Основная идея книги — в том, что современность продолжается, и она означает радикальное изменение и мирового порядка, и политэкономических отношений, и финансовых потоков, и ресурсной зависимости.

Всё это связано, естественно, с климатическим кризисом, декарбонизацией и другими вещами, которые в России какое-то время не принимали всерьез, а потом, когда пришлось принять всерьез, убедились, что эти изменения противоречат экзистенциальным интересам нынешней модели управления, поскольку лишают ее привычных доходов от экспорта нефти и газа. И в этом ключе я рассматриваю в разных главах книги политэкономию России, ее публичную сферу, образование и демографию.

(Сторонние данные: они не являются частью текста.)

(* Let $f\in C^2([0,\infty))$ satisfy $f(u)>0$ and $f'(u)>0$ for all $u>0$, and assume $f$ is log-concave, i.e. \[ f''(u)f(u)-f'(u)^2<0\quad\text{for all } u>0 . \] Let $u(r)$ be a positive solution of \[ u''+\frac{1}{r}u'+f(u)=0,\quad 0<r<1,\qquad u'(0)=u(1)=0 . \] Then any non-trivial solution $w(r)$ of the linearized problem \[ w''+\frac{1}{r}w'+f'(u(r))w=0,\quad 0<r<1,\qquad w'(0)=w(1)=0 \] does not vanish on $[0,1)$; i.e., replacing $w$ by $-w$ if necessary, $w(r)>0$ on $[0,1)$.
   Context: This is the radial form of the problem $\Delta u+f(u)=0$ on the unit disk in $\mathbb{R}^2$ with zero Dirichlet boundary data. *)

From Stdlib Require Import Reals.
From Coquelicot Require Import Coquelicot.
Open Scope R_scope.

Definition right_deriv (g : R -> R) (x l : R) : Prop :=
  filterlim (fun h => (g (x + h) - g x) / h) (at_right 0) (locally l).

Definition C2_on_nonneg (f f1 f2 : R -> R) : Prop :=
  (forall x, 0 < x ->
     is_derive f x (f1 x) /\ is_derive f1 x (f2 x) /\ continuous f2 x) /\
  right_deriv f 0 (f1 0) /\ right_deriv f1 0 (f2 0) /\
  filterlim f2 (at_right 0) (locally (f2 0)).
(* When all gaps are at most [g], every point of [(0, d_q(1,0))] is within
   [g] of some [tail q n]: walk down the decreasing tails, which tend to 0. *)
Lemma tail_cover q g t : 0 < q < 1 -> (forall n, gap q n <= g) ->
  0 < t -> t < tail q 0 -> exists n, Rabs (tail q n - t) <= g.
Proof.
  intros Hq Hg Ht HtL.
  assert (Hwalk : forall M, t <= tail q M \/ exists n, Rabs (tail q n - t) <= g).
  { induction M as [|M [HM|Hfound]]; [left; lra| |right; exact Hfound].
    destruct (Rle_dec t (tail q (S M))) as [HS|HS]; [left; exact HS|right].
    exists M. pose proof (tail_succ q M Hq). pose proof (Hg M).
    rewrite Rabs_pos_eq; lra. }
  destruct (tail_small q t Hq Ht) as [N HN].
  destruct (Hwalk N) as [HtN|Hfound]; [lra|exact Hfound].
Qed.

(* The image of [-pi/2, pi/2] in the line is [0, pi]. *)
Definition interval_coord (y : Ipt) : R := proj1_sig y + PI / 2.

Lemma interval_coord_isometry : isometric_embedding dI dR interval_coord.
Proof. intros x y. unfold dR, interval_coord, dI. f_equal. ring. Qed.

Lemma GH_to_interval q c : 0 < q < 1 -> 0 < c ->
  (forall k, gap q k <= c) -> Rabs (tail q 0 - PI) <= c ->
  GH_lt (dq q) dI (2 * c).
Proof.
  intros Hq Hc Hgap HL. pose proof PI_RGT_0.
  set (L := tail q 0) in HL.
  assert (HLpi : PI - c <= L <= PI + c) by (unfold Rabs in HL; destruct (Rcase_abs _) in HL; lra).
  apply (GH_lt_via_line _ _ (coord q) interval_coord (2 * c) (3 * c / 2));
    [apply coord_isometry, Hq|apply interval_coord_isometry|lra| |].
  - intros x. pose proof (coord_range q x Hq) as Hx. fold L in Hx.
    unfold dR, interval_coord.
    destruct (Rle_dec (coord q x) PI) as [Hle|Hgt].
    + assert (Hy : - (PI / 2) <= coord q x - PI / 2 <= PI / 2) by lra.
      exists (exist (fun z => - (PI / 2) <= z <= PI / 2) _ Hy). simpl. replace (_ - _) with 0 by ring. rewrite Rabs_R0. lra.
    + assert (Hy : - (PI / 2) <= PI / 2 <= PI / 2) by lra.
      exists (exist (fun z => - (PI / 2) <= z <= PI / 2) _ Hy). simpl. rewrite Rabs_pos_eq; lra.
  - intros [y Hy]. unfold dR, interval_coord. simpl.
    destruct (Rle_dec L (y + PI / 2)) as [Hbeyond|Hwithin].
    + exists (Some 0%nat). simpl. fold L. rewrite Rabs_left1; lra.
    + destruct (Req_dec (y + PI / 2) 0) as [Hzero|Hpos].
      * exists None. simpl. rewrite Hzero, Rminus_0_r, Rabs_R0. lra.
      * destruct (tail_cover q c (y + PI / 2) Hq Hgap ltac:(lra) ltac:(fold L; lra))
          as [n Hn].
        exists (Some n). simpl. lra.
Qed.

Lemma errors_near_one c : 0 < c -> exists delta, 0 < delta /\
  forall q, 0 < q < 1 -> 1 - delta < q ->
    sqrt (1 - q ^ 2) <= c /\ PI - (1 + q) * asin q <= c.
Proof.
  intros Hc. pose proof PI_4. pose proof PI2_3_2.
  set (th := Rmin (c / 4) 1).
  assert (Hth : 0 < th <= c / 4 /\ th <= 1)
    by (unfold th; repeat split; [apply Rmin_pos; lra|apply Rmin_l|apply Rmin_r]).
  assert (Hcos : cos th < 1) by (rewrite <- cos_0; apply cos_decreasing_1; lra).
  set (delta := Rmin (Rmin (c / 4) (c * c / 2)) (1 - cos th)).
  assert (Hdelta : 0 < delta /\ delta <= c / 4 /\ delta <= c * c / 2 /\ delta <= 1 - cos th).
  { unfold delta. pose proof (Rmin_l (Rmin (c / 4) (c * c / 2)) (1 - cos th)).
    pose proof (Rmin_r (Rmin (c / 4) (c * c / 2)) (1 - cos th)).
    pose proof (Rmin_l (c / 4) (c * c / 2)). pose proof (Rmin_r (c / 4) (c * c / 2)).
    repeat split; try lra. repeat apply Rmin_pos; nra. }
  exists delta. split; [lra|]. intros q Hq Hqd. split.
  - rewrite <- (sqrt_pow2 c) by lra. apply sqrt_le_1_alt. simpl. nra.
  - pose proof (asin_near_one th q ltac:(lra) ltac:(lra)).
    assert ((1 + q) * (PI / 2 - th) <= (1 + q) * asin q) by (apply Rmult_le_compat_l; lra).
    nra.
Qed.

Lemma GH_limit eps : 0 < eps -> exists delta, 0 < delta /\
  forall q, 0 < q < 1 -> 1 - delta < q -> GH_lt (dq q) dI eps.
Proof.
  intros Heps.
  destruct (errors_near_one (eps / 2) ltac:(lra)) as [delta [Hdelta Herr]].
  exists delta. split; [exact Hdelta|]. intros q Hq Hqd.
  destruct (Herr q Hq Hqd) as [Hsq Harc].
  assert (Hgap : forall k, gap q k <= eps / 2).
  { intros k. pose proof (gap_le q k Hq). pose proof (pow_unit_interval q k Hq).
    pose proof (sqrt_pos (1 - q ^ 2)). nra. }
  assert (Harc_le : (1 + q) * asin q <= PI).
  { pose proof (asin_bound q). pose proof (asin_nonneg q ltac:(lra)). nra. }
  pose proof (length_bounds q Hq).
  replace eps with (2 * (eps / 2)) by field.
  apply GH_to_interval; [exact Hq|lra|exact Hgap|].
  apply Rabs_le. lra.
Qed.

Theorem theoremB :
  (* continuity of q |-> (X_q, d_q) on (0,1) w.r.t. GH distance *)
  (forall q0 : R, 0 < q0 < 1 ->
     forall eps : R, 0 < eps ->
       exists delta : R, 0 < delta /\
         forall q : R, 0 < q < 1 -> Rabs (q - q0) < delta ->
           GH_lt (dq q) (dq q0) eps) /\
  (* GH convergence to [-pi/2, pi/2] as q -> 1^- *)
  (forall eps : R, 0 < eps ->
     exists delta : R, 0 < delta /\
       forall q : R, 0 < q < 1 -> 1 - delta < q ->
         GH_lt (dq q) dI eps).
Proof.
  split.
  - exact GH_continuity.
  - exact GH_limit.
Qed.
Lemma chain_homo : {homo chain p q : k l / k <= l}.
Proof. exact: homo_leq leqnn leq_trans chain_leS. Qed.

Lemma chain_le k : chain p q k <= n.
Proof.
have le_qn : q <= n := leq_trans q_le_fp (f_le p).
by rewrite /chain; apply: iter_le; case: odd; last exact: ltnW (leq_trans p_lt_q le_qn).
Qed.

Definition collapse : nat :=
  find (fun k => chain p q k.+1 == chain p q k.+2) (iota 0 n).

Lemma collapse_spec :
  [/\ collapse < n, forall k, k < collapse -> chain p q k.+1 < chain p q k.+2
    & chain p q collapse.+1 = chain p q collapse.+2].
Proof.
set a := fun k => chain p q k.+1 == chain p q k.+2.
have before k : k < collapse -> chain p q k.+1 < chain p q k.+2.
  move=> lt_k; have /negbT := before_find 0 lt_k.
  have := leq_trans lt_k (find_size a (iota 0 n)); rewrite size_iota => lt_kn.
  by rewrite nth_iota // add0n /a ltn_neqAle chain_leS andbT.
have grow k : k <= collapse -> q + k <= chain p q k.+1.
  elim: k => [|k IH] le_k; first by rewrite addn0.
  by rewrite addnS; apply: leq_trans (before k le_k); apply: IH; apply: ltnW.
have lt_n : collapse < n.
  rewrite ltnNge; apply/negP => /grow; have := chain_le n.+1; lia.
have has_a : has a (iota 0 n) by rewrite has_find size_iota.
split=> //; apply/eqP.
by have := nth_find 0 has_a; rewrite nth_iota // add0n.
Qed.

End Admissible.

Lemma chain_odd p p' q k : odd k -> chain p q k = chain p' q k.
Proof. by rewrite /chain => ->. Qed.

Lemma iter_sub_iter l L u : l <= L -> iter l f (iter (L - l) f u) = iter L f u.
Proof. by move=> le_lL; rewrite -iterD subnKC. Qed.

Definition least_reach (y : nat) : nat := find (fun u => y < f u) (iota 0 n).

Lemma least_reach_spec y : y < n ->
  [/\ least_reach y <= y, y < f (least_reach y)
    & forall u, u < least_reach y -> f u <= y].
Proof.
move=> lt_yn; set a := fun u => y < f u.
have has_a : has a (iota 0 n).
  by apply/hasP; exists y; [rewrite mem_iota | exact: f_gt].
have lt_n : least_reach y < n by rewrite -(size_iota 0 n) -has_find.
split.
- rewrite leqNgt; apply/negP => /(before_find 0).
  by rewrite nth_iota // add0n /a f_gt.
- by have := nth_find 0 has_a; rewrite nth_iota.
- move=> u lt_u; have := before_find 0 lt_u.
  rewrite nth_iota ?add0n; last exact: ltn_trans lt_n.
  by move/negbT; rewrite -leqNgt.
Qed.

Lemma iter_lt_least_reach j l u : j < n ->
  iter l f u < iter l f (least_reach j) -> iter l.+1 f u <= iter l f j.
Proof.
move=> lt_jn lt_u; have [_ _ below] := least_reach_spec lt_jn.
rewrite iterSr; apply: iter_homo; apply: below.
by rewrite ltnNge; apply: contraTN lt_u => /(iter_homo l); rewrite -leqNgt.
Qed.

Definition hom_depth (i : nat) : nat :=
  minn (collapse i i.+1) (collapse (least_reach i) i.+1).
Definition hom_src (i : nat) : nat :=
  if odd (hom_depth i) then i else least_reach i.
Definition hom_top (i : nat) : nat := chain (hom_src i) i.+1 (hom_depth i).

Section Vertex.
Variable i : nat.
Hypothesis lt_in : i < n.

Let lt_i_Si : i < i.+1 := ltnSn i.
Let le_Si_fi : i.+1 <= f i := f_gt lt_in.
Let lt_r_Si : least_reach i < i.+1.
Proof. by case: (least_reach_spec lt_in). Qed.
Let le_Si_fr : i.+1 <= f (least_reach i).
Proof. by case: (least_reach_spec lt_in). Qed.

Lemma hom_src_lt : hom_src i < i.+1.
Proof. by rewrite /hom_src; case: ifP. Qed.
(* Let $(X,d)$ be an $R$-rough geodesic metric space for some $R\ge0$, and let $G$ be a group acting coboundedly on $X$ by isometries. Fix $x_0\in X$. For $t>0$ let $S_{x_0,t}=\{g\in G: d(x_0,gx_0)\le t\}$, let $d_{x_0,t}$ be the word metric on $G$ with respect to $S_{x_0,t}$ multiplied by $t$ (equivalently the graph metric on the graph with vertex set $G$ and an edge of length $t$ between $g$ and $gs$ for each $s\in S_{x_0,t}$), where $d_{x_0,t}(g,h)=\infty$ if $g,h$ lie in different components, and let $f_{x_0,t}\colon(G,d_{x_0,t})\to X$, $g\mapsto gx_0$. Let $K_{x_0,t}$ be the infimum of all $K\ge1$ for which there exists $C_K>0$ such that $f_{x_0,t}$ is a $(K,C_K)$-quasi-isometry (with $K_{x_0,t}=\infty$ if there is no such $K$). Then $K_{x_0,t}\to1$ as $t\to\infty$.
   Context: $X$ is $R$-rough geodesic if any $x_1,x_2$ are joined by $f\colon[0,\ell]\to X$, $\ell=d(x_1,x_2)$, $f(0)=x_1,f(\ell)=x_2$, with $|d(f(s),f(t))-|s-t||\le R$. The action is cobounded if some (equivalently every) orbit is $D$-dense in $X$ for some $D$. A map $f$ is a $(K,C)$-quasi-isometry if $\frac1Kd(a,b)-C\le d(f(a),f(b))\le Kd(a,b)+C$ for all $a,b$ and every point of the target lies within $C$ of the image. *)

From Stdlib Require Import Reals.
From Coquelicot Require Import Coquelicot.
Open Scope R_scope.

Section Defs.
Variable X : Type.
Variable d : X -> X -> R.

Definition is_metric : Prop :=
  (forall x y, 0 <= d x y) /\ (forall x y, d x y = 0 <-> x = y) /\
  (forall x y, d x y = d y x) /\ (forall x y z, d x z <= d x y + d y z).

Definition rough_geodesic (Rr : R) : Prop :=
  forall x1 x2, exists f : R -> X,
    f 0 = x1 /\ f (d x1 x2) = x2 /\
    forall s u, 0 <= s <= d x1 x2 -> 0 <= u <= d x1 x2 ->
      Rabs (d (f s) (f u) - Rabs (s - u)) <= Rr.

Variable G : Type.
Variable mul : G -> G -> G.
Variable inv : G -> G.
Variable one : G.

Definition is_group : Prop :=
  (forall a b c, mul a (mul b c) = mul (mul a b) c) /\
  (forall a, mul one a = a) /\ (forall a, mul a one = a) /\
  (forall a, mul (inv a) a = one) /\ (forall a, mul a (inv a) = one).

Variable act : G -> X -> X.

Definition isometric_action : Prop :=
  (forall x, act one x = x) /\
  (forall g h x, act (mul g h) x = act g (act h x)) /\
  (forall g x y, d (act g x) (act g y) = d x y).

Definition cobounded : Prop :=
  exists z D, forall x, exists g, d x (act g z) <= D.

Definition Sball (x0 : X) (t : R) (g : G) : Prop := d x0 (act g x0) <= t.

Fixpoint reach (S : G -> Prop) (n : nat) (g h : G) : Prop :=
  match n with
  | O => g = h
  | Datatypes.S m => exists s, S s /\ reach S m (mul g s) h
  end.

(** n is the word-length distance between g and h w.r.t. S
    (least number of edges); no such n means distance = infinity. *)
Definition word_len (S : G -> Prop) (g h : G) (n : nat) : Prop :=
  reach S n g h /\ forall m, reach S m g h -> (n <= m)%nat.

(** With an infinite distance the lower
    bound (1/K) d - C <= d(f a, f b) fails, so every pair must be connected;
    the upper bound is then automatic. *)
Definition fQI (x0 : X) (t K C : R) : Prop :=
  (forall a b, (exists n, reach (Sball x0 t) n a b) /\
     forall n, word_len (Sball x0 t) a b n ->
       / K * (t * INR n) - C <= d (act a x0) (act b x0) <= K * (t * INR n) + C) /\
  (forall y, exists g, d y (act g x0) <= C).

(** Set of admissible K >= 1; K_{x0,t} is its infimum (+oo if empty). *)
Definition Kset (x0 : X) (t : R) (K : R) : Prop :=
  1 <= K /\ exists C, 0 < C /\ fQI x0 t K C.

Definition Kconst (x0 : X) (t : R) : Rbar := Glb_Rbar (Kset x0 t).

End Defs.

From Stdlib Require Import Reals Lra Lia IndefiniteDescription.
From Coquelicot Require Import Coquelicot.
Open Scope R_scope.

(* Put c := R + 2D, where the orbit of x0 is D-dense, and let t > c.  Cut a
   rough geodesic from a x0 to b x0 into pieces of length at most l := t - c
   and move every cut point to an orbit point at distance at most D.
   Consecutive orbit points are then at most l + R + 2D = t apart, so a and b
   are joined by a path of at most d(a x0, b x0)/l + 1 edges of S_{x0,t}.
   Hence (t/l)^-1 d_{x0,t} - l <= d(a x0, b x0) <= d_{x0,t}, so f_{x0,t} is a
   (t/l, t + D)-quasi-isometry, and t/l = t/(t - c) tends to 1. *)

Section CayleyPaths.

Variables (G : Type) (mul : G -> G -> G) (inv : G -> G) (one : G).
Hypothesis group_G : is_group G mul inv one.

Lemma mul_inv_cancel_l (g h : G) : mul g (mul (inv g) h) = h.
Proof.
  destruct group_G as [mulA [mul1g [_ [_ mulgV]]]].
  now rewrite mulA, mulgV, mul1g.
Qed.

Lemma reach_chain (S : G -> Prop) (m : nat) (g : nat -> G) :
  (forall k, (k < m)%nat -> S (mul (inv (g k)) (g (Datatypes.S k)))) ->
  reach G mul S m (g O) (g m).
Proof.
  revert g; induction m as [|m IH]; intros g Hstep; simpl.
  - reflexivity.
  - exists (mul (inv (g O)) (g 1%nat)); split.
    + apply Hstep; lia.
    + rewrite mul_inv_cancel_l.
      apply (IH (fun k => g (Datatypes.S k))).
      intros k Hk; apply Hstep; lia.
Qed.

End CayleyPaths.

Section RoughGeodesics.

Variables (X : Type) (d : X -> X -> R) (Rr : R).
Hypothesis metric_d : is_metric X d.
Hypothesis rough_d : rough_geodesic X d Rr.

Lemma rough_geodesic_chain (l : R) (x y : X) : 0 < l ->
  exists (m : nat) (p : nat -> X),
    (0 < m)%nat /\ p O = x /\ p m = y /\
    (forall k, (k < m)%nat -> d (p k) (p (Datatypes.S k)) <= l + Rr) /\
    INR m <= d x y / l + 1.
Proof.
  intros Hl.
  destruct (rough_d x y) as [f [f0 [fL Hf]]].
  set (L := d x y) in *.
  assert (HL : 0 <= L) by apply metric_d.
  destruct (nfloor_ex (L / l)) as [n [Hn_le Hn_gt]].
  { apply Rdiv_le_0_compat; lra. }
  set (M := INR (Datatypes.S n)).
  assert (HM : M = INR n + 1) by apply S_INR.
  assert (HM0 : 0 < M) by (pose proof (pos_INR n); lra).
  set (step := L / M).
  assert (Hstep : 0 <= step <= l).
  { unfold step; split.
    - apply Rdiv_le_0_compat; lra.
    - apply Rle_div_l; [lra|].
      apply Rlt_div_l in Hn_gt; [rewrite HM; lra | exact Hl]. }
  assert (Hrange : forall k, (k <= Datatypes.S n)%nat -> 0 <= INR k * step <= L).
  { intros k Hk; apply le_INR in Hk; fold M in Hk.
    pose proof (pos_INR k).
    assert (HL_step : L = M * step) by (unfold step; field; lra).
    split; nra. }
  exists (Datatypes.S n), (fun k => f (INR k * step)); repeat split.
  - lia.
  - now rewrite Rmult_0_l.
  - fold M; unfold step.
    replace (M * (L / M)) with L by (field; lra); exact fL.
  - intros k Hk.
    specialize (Hf _ _ (Hrange k ltac:(lia)) (Hrange (Datatypes.S k) Hk)).
    rewrite S_INR in Hf |- *.
    replace (INR k * step - (INR k + 1) * step) with (- step) in Hf by ring.
    rewrite Rabs_Ropp, (Rabs_pos_eq step) in Hf by lra.
    apply Rabs_le_between in Hf; lra.
  - fold M; lra.
Qed.

End RoughGeodesics.

Section OrbitMap.

Variables (X : Type) (d : X -> X -> R).
Variables (G : Type) (mul : G -> G -> G) (inv : G -> G) (one : G).
Variables (act : G -> X -> X) (x0 : X).
Hypothesis metric_d : is_metric X d.
Hypothesis group_G : is_group G mul inv one.
Hypothesis action : isometric_action X d G mul one act.

Lemma dist_orbit_div (g h : G) :
  d x0 (act (mul (inv g) h) x0) = d (act g x0) (act h x0).
Proof.
  destruct action as [_ [act_mul act_isom]].
  now rewrite <- (act_isom g), <- act_mul, (mul_inv_cancel_l G mul inv one).
Qed.

Lemma dist_orbit_reach_le (t : R) (n : nat) (a b : G) :
  reach G mul (Sball X d G act x0 t) n a b ->
  d (act a x0) (act b x0) <= t * INR n.
Proof.
  destruct metric_d as [_ [d_eq0 [_ d_tri]]].
  destruct action as [_ [act_mul act_isom]].
  revert a; induction n as [|n IH]; intros a Hreach; simpl in Hreach.
  - subst b; rewrite (proj2 (d_eq0 _ _) eq_refl); simpl; lra.
  - destruct Hreach as [s [Hs Hreach]].
    assert (Hedge : d (act a x0) (act (mul a s) x0) <= t)
      by (rewrite act_mul, act_isom; exact Hs).
    specialize (IH _ Hreach).
    pose proof (d_tri (act a x0) (act (mul a s) x0) (act b x0)).
    rewrite S_INR; lra.
Qed.

Lemma cobounded_orbit_dense : cobounded X d G act ->
  exists D, 0 <= D /\ forall y, exists g, d y (act g x0) <= D.
Proof.
  destruct metric_d as [d_ge0 [_ [_ d_tri]]].
  destruct action as [_ [_ act_isom]].
  intros [z [D Hz]].
  exists (D + d z x0); split.
  - destruct (Hz x0) as [g Hg].
    pose proof (d_ge0 x0 (act g z)); pose proof (d_ge0 z x0); lra.
  - intros y; destruct (Hz y) as [g Hg]; exists g.
    pose proof (d_tri y (act g z) (act g x0)).
    rewrite act_isom in *; lra.
Qed.

Variables (Rr D : R).
Hypothesis Rr_ge0 : 0 <= Rr.
Hypothesis rough_d : rough_geodesic X d Rr.
Hypothesis D_ge0 : 0 <= D.
Hypothesis orbit_dense : forall y, exists g, d y (act g x0) <= D.

Lemma reach_Sball_le (l t : R) (a b : G) : 0 < l -> l + Rr + 2 * D <= t ->
  exists m, reach G mul (Sball X d G act x0 t) m a b /\
    INR m <= d (act a x0) (act b x0) / l + 1.
Proof.
  intros Hl Ht.
  pose proof metric_d as [_ [d_eq0 [d_sym d_tri]]].
  destruct (rough_geodesic_chain X d Rr metric_d rough_d l (act a x0) (act b x0) Hl)
    as [m [p [Hm0 [p0 [pm [Hp Hm]]]]]].
  destruct (functional_choice _ orbit_dense) as [shadow Hshadow].
  set (g k := if Nat.eqb k 0 then a else if Nat.eqb k m then b else shadow (p k)).
  assert (Hg : forall k, d (p k) (act (g k) x0) <= D).
  { intros k; unfold g.
    destruct (Nat.eqb_spec k 0) as [->|_]; [|destruct (Nat.eqb_spec k m) as [->|_]].
    - rewrite p0, (proj2 (d_eq0 _ _) eq_refl); exact D_ge0.
    - rewrite pm, (proj2 (d_eq0 _ _) eq_refl); exact D_ge0.
    - apply Hshadow. }
  exists m; split; [|exact Hm].
  replace b with (g m) by (unfold g; destruct m; [lia|now rewrite Nat.eqb_refl]).
  change a with (g O); apply (reach_chain G mul inv one group_G).
  intros k Hk; unfold Sball; rewrite dist_orbit_div.
  pose proof (Hp k Hk) as Hstep.
  pose proof (Hg k) as Hstart; rewrite d_sym in Hstart.
  pose proof (Hg (Datatypes.S k)) as Hend.
  pose proof (d_tri (act (g k) x0) (p k) (act (g (Datatypes.S k)) x0)).
  pose proof (d_tri (p k) (p (Datatypes.S k)) (act (g (Datatypes.S k)) x0)).
  lra.
Qed.

Lemma Kset_ratio (t : R) : Rr + 2 * D < t ->
  Kset X d G mul act x0 t (t / (t - (Rr + 2 * D))).
Proof.
  intros Ht.
  set (l := t - (Rr + 2 * D)).
  assert (Hl : 0 < l) by (unfold l; lra).
  assert (Hlt : l <= t) by (unfold l; lra).
  split; [apply Rle_div_r; lra|].
  exists (t + D); split; [lra|split].
  - intros a b.
    destruct (reach_Sball_le l t a b Hl ltac:(unfold l; lra)) as [m [Hreach Hm]].
    split; [now exists m|].
    intros n [Hn Hmin].
    pose proof (le_INR _ _ (Hmin m Hreach)).
    pose proof (dist_orbit_reach_le t n a b Hn).
    pose proof (pos_INR n).
    set (L := d (act a x0) (act b x0)) in *.
    assert (HmL : l * INR m <= L + l).
    { apply (Rmult_le_compat_l l) in Hm; [|lra].
      replace (l * (L / l + 1)) with (L + l) in Hm by (field; lra); exact Hm. }
    replace (/ (t / l)) with (l / t) by (field; lra).
    split.
    + replace (l / t * (t * INR n)) with (l * INR n) by (field; lra); nra.
    + assert (1 <= t / l) by (apply Rle_div_r; lra); nra.
  - intros y; destruct (orbit_dense y) as [g Hg]; exists g; lra.
Qed.

End OrbitMap.

Lemma Kconst_ge_1 (X : Type) (d : X -> X -> R) (G : Type) (mul : G -> G -> G)
  (act : G -> X -> X) (x0 : X) (t : R) :
  Rbar_le 1 (Kconst X d G mul act x0 t).
Proof.
  apply (Glb_Rbar_correct (Kset X d G mul act x0 t)).
  intros K [HK _]; exact HK.
Qed.

Lemma Kconst_le (X : Type) (d : X -> X -> R) (G : Type) (mul : G -> G -> G)
  (act : G -> X -> X) (x0 : X) (t K : R) :
  Kset X d G mul act x0 t K -> Rbar_le (Kconst X d G mul act x0 t) K.
Proof. apply (Glb_Rbar_correct (Kset X d G mul act x0 t)). Qed.

Theorem lemma5p2
  (X : Type) (d : X -> X -> R) (Rr : R)
  (G : Type) (mul : G -> G -> G) (inv : G -> G) (one : G)
  (act : G -> X -> X) (x0 : X) :
  is_metric X d -> 0 <= Rr -> rough_geodesic X d Rr ->
  is_group G mul inv one -> isometric_action X d G mul one act ->
  cobounded X d G act ->
  forall eps, 0 < eps -> exists T, forall t, T < t ->
    Rbar_le (Finite 1) (Kconst X d G mul act x0 t) /\
    Rbar_lt (Kconst X d G mul act x0 t) (Finite (1 + eps)).
Proof.
  intros metric_d Rr_ge0 rough_d group_G action cobounded_G eps Heps.
  destruct (cobounded_orbit_dense X d G mul one act x0 metric_d action cobounded_G)
    as [D [D_ge0 orbit_dense]].
  set (c := Rr + 2 * D).
  exists ((1 + eps) * c / eps); intros t Ht.
  apply Rlt_div_l in Ht; [|lra].
  assert (Hct : c < t) by (unfold c in *; nra).
  split; [apply Kconst_ge_1|].
  apply Rbar_le_lt_trans with (t / (t - c)).
  - apply Kconst_le, (Kset_ratio X d G mul inv one act x0 metric_d group_G action Rr D);
      assumption.
  - simpl; apply Rlt_div_l; [lra|]; nra.
Qed.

Я смотрю, как это всё менялось в течение последних десятилетий: что происходило в тучные годы, что стало происходить после 2014 года, когда тучные годы закончились, и каким образом это всё привело к борьбе против современности в нынешнем конфликте.

— На ваш взгляд, декарбонизация — это действительно экзистенциальная угроза или же неприятный феномен, который можно обойти, допустим, за счет создания новых отраслей производства, попытки возглавить этот процесс или, по крайней мере, в него влиться?

— Всё это можно и нужно было делать. Но это оказалось непосильным вызовом, и момент был упущен. Легче оказалось покончить самоубийством, чем продолжать жить.